── Data listing ──
(* Let $G$ be a group with a BN-pair $(B,N)$ carrying two group topologies $\mathcal{S}\subseteq\mathcal{T}$, and suppose $B\in\mathcal{S}$ (i.e. $B$ is $\mathcal{S}$-open). Let $\widehat{\mathrm{Id}}:\widehat{(G,\mathcal{T})}\to\widehat{(G,\mathcal{S})}$ be the unique continuous extension of the identity, and $\widehat{\mathrm{Id}_B}:\widehat{(B,\mathcal{T}_B)}\to\widehat{(B,\mathcal{S}_B)}$ the analogous map for the restricted topologies on $B$. Then $\ker\widehat{\mathrm{Id}}=\ker\widehat{\mathrm{Id}_B}$.
   Context: Completions are right uniform completions (minimal Cauchy filters), which are monoids; the kernel of a monoid homomorphism means the preimage of $1$. $\mathcal{T}_B,\mathcal{S}_B$ are the subspace topologies on $B$, and $\widehat{(B,\mathcal{T}_B)}$ is identified with the closure of $B$ in $\widehat{(G,\mathcal{T})}$. *)

Set Implicit Arguments.
Unset Strict Implicit.

Definition set (X : Type) := X -> Prop.
Definition filt (X : Type) := set (set X).

Record gops := Gops {
  car :> Type;
  mul : car -> car -> car;
  inv : car -> car;
  one : car }.

Definition is_group (g : gops) : Prop :=
  (forall x y z : g, mul x (mul y z) = mul (mul x y) z) /\
  (forall x : g, mul (one g) x = x) /\
  (forall x : g, mul (inv x) x = one g).

Record is_subgroup (g : gops) (H : set g) : Prop := {
  sg_one : H (one g);
  sg_mul : forall x y, H x -> H y -> H (mul x y);
  sg_inv : forall x, H x -> H (inv x) }.

Definition generated (g : gops) (A : set g) : set g :=
  fun x => forall H, @is_subgroup g H -> (forall y, A y -> H y) -> H x.

Definition sub_gops (g : gops) (H : set g) (HH : @is_subgroup g H) : gops :=
  @Gops {x : g | H x}
    (fun x y => exist _ (mul (proj1_sig x) (proj1_sig y))
                  (sg_mul HH (proj2_sig x) (proj2_sig y)))
    (fun x => exist _ (inv (proj1_sig x)) (sg_inv HH (proj2_sig x)))
    (exist _ (one g) (sg_one HH)).

(* BN-pair (Tits system).  T := B ∩ N, W := N/T; the generating set of
   involutions of W is given by a set S of representatives in N. *)
Record BN_pair (g : gops) (B N : set g) : Prop := {
  bn_B : @is_subgroup g B;
  bn_N : @is_subgroup g N;
  bn_gen : forall x, generated (fun y => B y \/ N y) x;
  bn_T_normal : forall n t, N n -> B t -> N t ->
      B (mul (mul n t) (inv n)) /\ N (mul (mul n t) (inv n));
  bn_S : exists S : set g,
      (* elements of S map to involutions of W = N/T *)
      (forall s, S s -> N s /\ ~ (B s /\ N s) /\ B (mul s s) /\ N (mul s s)) /\
      (* W is generated by the image of S, i.e. N = <T ∪ S> *)
      (forall n, N n -> generated (fun y => (B y /\ N y) \/ S y) n) /\
      (* s B w ⊆ B w B ∪ B s w B *)
      (forall s n b, S s -> N n -> B b ->
         (exists b1 b2, B b1 /\ B b2 /\
             mul (mul s b) n = mul (mul b1 n) b2) \/
         (exists b1 b2, B b1 /\ B b2 /\
             mul (mul s b) n = mul (mul b1 (mul s n)) b2)) /\
      (forall s, S s ->
         ~ (forall x, B x <-> exists b, B b /\ x = mul (mul s b) s)) }.

Definition is_topology (X : Type) (tau : set (set X)) : Prop :=
  tau (fun _ => True) /\
  (forall (I : Type) (U : I -> set X), (forall i, tau (U i)) ->
      tau (fun x => exists i, U i x)) /\
  (forall U V, tau U -> tau V -> tau (fun x => U x /\ V x)).

Definition is_group_topology (g : gops) (tau : set (set g)) : Prop :=
  is_topology tau /\
  (forall (x y : g) O, tau O -> O (mul x y) ->
     exists U V, tau U /\ tau V /\ U x /\ V y /\
       forall u v, U u -> V v -> O (mul u v)) /\
  (forall (x : g) O, tau O -> O (inv x) ->
     exists U, tau U /\ U x /\ forall u, U u -> O (inv u)).

Definition sub_top (g : gops) (H : set g) (HH : @is_subgroup g H)
  (tau : set (set g)) : set (set (sub_gops HH)) :=
  fun P => exists O, tau O /\ forall x : sub_gops HH, P x <-> O (proj1_sig x).

Definition nbhd (g : gops) (tau : set (set g)) (x : g) : filt g :=
  fun U => exists O, tau O /\ O x /\ forall y, O y -> U y.

Definition is_filter (X : Type) (F : filt X) : Prop :=
  F (fun _ => True) /\ ~ F (fun _ => False) /\
  (forall U V, F U -> (forall x, U x -> V x) -> F V) /\
  (forall U V, F U -> F V -> F (fun x => U x /\ V x)).

(* A is small of order V for the right uniformity:
   entourages {(x,y) | y x^-1 ∈ V}, V a neighbourhood of 1 *)
Definition small (g : gops) (V A : set g) : Prop :=
  forall x y, A x -> A y -> V (mul y (inv x)).

Definition cauchy (g : gops) (tau : set (set g)) (F : filt g) : Prop :=
  is_filter F /\
  forall V, nbhd tau (one g) V -> exists A, F A /\ small V A.

(* points of the (right) completion: minimal Cauchy filters *)
Definition min_cauchy (g : gops) (tau : set (set g)) (F : filt g) : Prop :=
  cauchy tau F /\
  forall F', cauchy tau F' -> (forall U, F' U -> F U) -> forall U, F U -> F' U.

Definition feq (X : Type) (F F' : filt X) : Prop := forall U, F U <-> F' U.

(* the entourage of the completion induced by V *)
Definition compl_ent (g : gops) (V : set g) (F F' : filt g) : Prop :=
  exists A, F A /\ F' A /\ small V A.

(* phi : completion of (g,tau) -> completion of (h,sigma) is a continuous
   extension of f : g -> h (the canonical image of x being the
   neighbourhood filter of x) *)
Definition is_cont_ext (g h : gops) (tau : set (set g)) (sigma : set (set h))
  (f : g -> h) (phi : filt g -> filt h) : Prop :=
  (forall F, min_cauchy tau F -> min_cauchy sigma (phi F)) /\
  (forall F, min_cauchy tau F ->
     forall W, nbhd sigma (one h) W ->
       exists V, nbhd tau (one g) V /\
         forall F', min_cauchy tau F' -> compl_ent V F F' ->
           compl_ent W (phi F) (phi F')) /\
  (forall x : g, feq (phi (nbhd tau x)) (nbhd sigma (f x))).

(* kernel: preimage of the unit (= neighbourhood filter of 1) *)
Definition ker (g h : gops) (tau : set (set g)) (sigma : set (set h))
  (phi : filt g -> filt h) (F : filt g) : Prop :=
  min_cauchy tau F /\ feq (phi F) (nbhd sigma (one h)).

(* A point F of the T-completion of G lies in the kernel of the extended
   identity iff F contains every S-neighbourhood of 1.  Since B is an S-open
   subgroup, such an F contains B; its trace on B is then a point of the
   completion of B, in the kernel of the extended identity of B for the same
   reason, whose image in the completion of G is F.  Conversely, the image in
   G of a kernel point of B again contains every S-neighbourhood of 1. *)

From Stdlib Require Import FunctionalExtensionality PropExtensionality ProofIrrelevance Classical.
Set Implicit Arguments.
Unset Strict Implicit.

Section GroupLaws.
Variables (g : gops) (HG : is_group g).
Implicit Types x y z : g.

Lemma mulgA x y z : mul x (mul y z) = mul (mul x y) z.
Proof. exact (proj1 HG x y z). Qed.

Lemma mul1g x : mul (one g) x = x.
Proof. exact (proj1 (proj2 HG) x). Qed.

Lemma mulVg x : mul (inv x) x = one g.
Proof. exact (proj2 (proj2 HG) x). Qed.

Lemma mulgV x : mul x (inv x) = one g.
Proof.
  transitivity (mul (mul (inv (inv x)) (inv x)) (mul x (inv x))).
  - rewrite mulVg, mul1g. reflexivity.
  - rewrite <- mulgA, (mulgA (inv x) x (inv x)), mulVg, mul1g. apply mulVg.
Qed.

Lemma mulg1 x : mul x (one g) = x.
Proof. rewrite <- (mulVg x), mulgA, mulgV, mul1g. reflexivity. Qed.

Lemma inv_unique x y : mul x y = one g -> x = inv y.
Proof. intro Hxy. rewrite <- (mulg1 x), <- (mulgV y), mulgA, Hxy, mul1g. reflexivity. Qed.

Lemma invg1 : inv (one g) = one g.
Proof. symmetry. apply inv_unique, mul1g. Qed.

Lemma invgK x : inv (inv x) = x.
Proof. symmetry. apply inv_unique, mulgV. Qed.

Lemma invMg x y : inv (mul x y) = mul (inv y) (inv x).
Proof.
  symmetry. apply inv_unique.
  rewrite <- mulgA, (mulgA (inv x)), mulVg, mul1g. apply mulVg.
Qed.

Lemma mulgKV x y : mul (mul x (inv y)) y = x.
Proof. rewrite <- mulgA, mulVg. apply mulg1. Qed.

Lemma divgMdivg x y z : mul (mul x (inv z)) (mul z (inv y)) = mul x (inv y).
Proof. rewrite <- mulgA, (mulgA (inv z)), mulVg, mul1g. reflexivity. Qed.

Lemma divg_rcancel x y z : mul (mul x (inv z)) (inv (mul y (inv z))) = mul x (inv y).
Proof. rewrite invMg, invgK. apply divgMdivg. Qed.

End GroupLaws.

Lemma feq_eq (X : Type) (F F' : filt X) : feq F F' -> F = F'.
Proof.
  intro HFF'. apply functional_extensionality; intro U.
  apply propositional_extensionality, HFF'.
Qed.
───
Look above for the line with "Proof. intro Hxy." and the line with "symmetry. apply inv_unique.", and reproduce exactly those two lines plus every line between, nothing more.

Proof. intro Hxy. rewrite <- (mulg1 x), <- (mulgV y), mulgA, Hxy, mul1g. reflexivity. Qed.

Lemma invg1 : inv (one g) = one g.
Proof. symmetry. apply inv_unique, mul1g. Qed.

Lemma invgK x : inv (inv x) = x.
Proof. symmetry. apply inv_unique, mulgV. Qed.

Lemma invMg x y : inv (mul x y) = mul (inv y) (inv x).
Proof.
  symmetry. apply inv_unique.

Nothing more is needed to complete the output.